The most important antagonists of pro-inflammatory cytokines are regulatory cytokines - il-4, il-10.

Thus, the cytokine system for all diversity is a single and integrated network, the disturbances in which can lead to a breakdown in self-regulation, a change in the direction of the immune response, which becomes particularly important in the early stages of embryo development.

Therefore, it is extremely important that all cytokine parameters are within the normal range before the onset of pregnancy. The normal course of pregnancy is largely determined by the ratio of immunomodulating and immunosuppressive effects in the endometrium, trophoblast, and subsequently in the placenta, in the regulation of which the components of the cytokine system directly participate.

  • Study of autoantibodies.

Autoimmunity - a mirror image of tolerance, indicates the loss of tolerance by the body, immunity to its own antigens. Normally, the immune system inhibits the autoreactivity of lymphocytes through regular mechanisms. Violation of them can lead to autoimmune pathology. The literature describes many options for the development of autoimmunity. It is assumed that the intracellular viral infection changes the antigenic nature of the "own" cell, as a result of which antibodies against the "own" cell may appear. It is possible that microorganisms have common antigens with the human body, in this case there is an insufficient elimination of all autoreactive B lymphocytes and the occurrence of autoantibodies. Assume the presence of genetic influences at the level of B-lymphocytes, subpopulations of T-cells, macrophages, target tissues and hormones.
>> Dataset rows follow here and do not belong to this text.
Lemma char_poly_dist_Kst (R : rcfType) s t : (2 <= t < s)%N ->
  exists r1 rest, [/\ Num.sqrt 2 - 2 < r1, all (fun x => x <= Num.sqrt 2 - 2) rest &
    char_poly (dist_mx_ord R (Kst_adj s t)) =
    \prod_(x <- r1 :: Num.sqrt 2 - 2 :: rest) ('X - x%:P)].
Proof.
move=> hts; have /andP[sqrt2_gt1 _] := sqrt2_bounds R.
have s_ge3 : 3 <= s%:R :> R by rewrite (ler_nat R 3); lia.
have t_ge2 : 2 <= t%:R :> R by rewrite (ler_nat R 2); lia.
have t_lt_s : t%:R < s%:R :> R by rewrite ltr_nat; lia.
have [r1 [r2 [r3 [r1_gt r2_lt r3_lt cubicE]]]] := Kst_cubic_roots s_ge3 t_ge2 t_lt_s.
exists r1, (nseq t.-2 (Num.sqrt 2 - 2) ++ nseq t.-1 (- Num.sqrt 2 - 2) ++
            nseq (s - t).-1 (-1) ++ [:: r2; r3]); split => //.
  have h1 : - Num.sqrt 2 - 2 <= Num.sqrt 2 - 2 :> R by lra.
  have h2 : -1 <= Num.sqrt 2 - 2 :> R by lra.
  by rewrite !all_cat !all_nseq /= lexx h1 h2 !ltW // !orbT.
apply: (eq_poly_on_natr (c := s%:R + 1)) => k.
have k_ge0 : 0 <= k%:R :> R := ler0n _ _.
set y := s%:R + 1 + k%:R.
rewrite horner_char_poly det_sub_dist_Kst //; first last.
- by rewrite gt_eqF // /y; nra.
- by rewrite gt_eqF // /y; lra.
- by rewrite gt_eqF // /y; lra.
rewrite cubicE !horner_prod !big_cons !big_cat !big_nseq !big_cons !big_nil.
rewrite !iter_mulr_1 !hornerXsubC.
have -> : y ^+ 2 + 4 * y + 2 = (y - (Num.sqrt 2 - 2)) * (y - (- Num.sqrt 2 - 2)).
  transitivity (y ^+ 2 + 4 * y + 4 - Num.sqrt 2 ^+ 2); last by ring.
  by rewrite sqr_sqrtr ?ler0n //; ring.
have [t2 ->] : exists t2, t = t2.+2 by exists t.-2; lia.
by rewrite /= exprMn !exprS opprK; ring.
Qed.

Theorem corollary3p2 (R : rcfType) (s t : nat) :
  (3 <= t + 1 <= s)%N ->
  (exists r : seq R, eigen_seq (dist_mx_ord R (Kst_adj s t)) r) /\
  (forall r : seq R, eigen_seq (dist_mx_ord R (Kst_adj s t)) r ->
     r`_1 = Num.sqrt 2 - 2).
Proof.
move=> hst; have hts : (2 <= t < s)%N by lia.
have [r1 [rest [r1_gt rest_le charE]]] := @char_poly_dist_Kst R s t hts.
have eigenL := eigen_seq_sort charE.
split=> [|r /eigen_seq_unique/(_ eigenL) ->]; first by eexists; exact: eigenL.
have rest_le_r1 : all (fun x => x <= r1) rest.
  by apply/allP => x /(allP rest_le) /le_lt_trans/(_ r1_gt)/ltW.
by rewrite sort_ge_cons ?sort_ge_cons //= ltW.
Qed.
Autoimmune diseases are more common and more severe in women. In recent years, the attention of the world's scientists has been focused on autoimmune processes in the human body and, in particular, in obstetric practice. A great deal of research has been done to understand the significance of these disorders, including obstetric pathology.

The most significant autoimmune disorder for obstetric practice is the antiphospholipid syndrome. The incidence of antiphospholipid syndrome among patients with habitual miscarriage ranges from 27-42%.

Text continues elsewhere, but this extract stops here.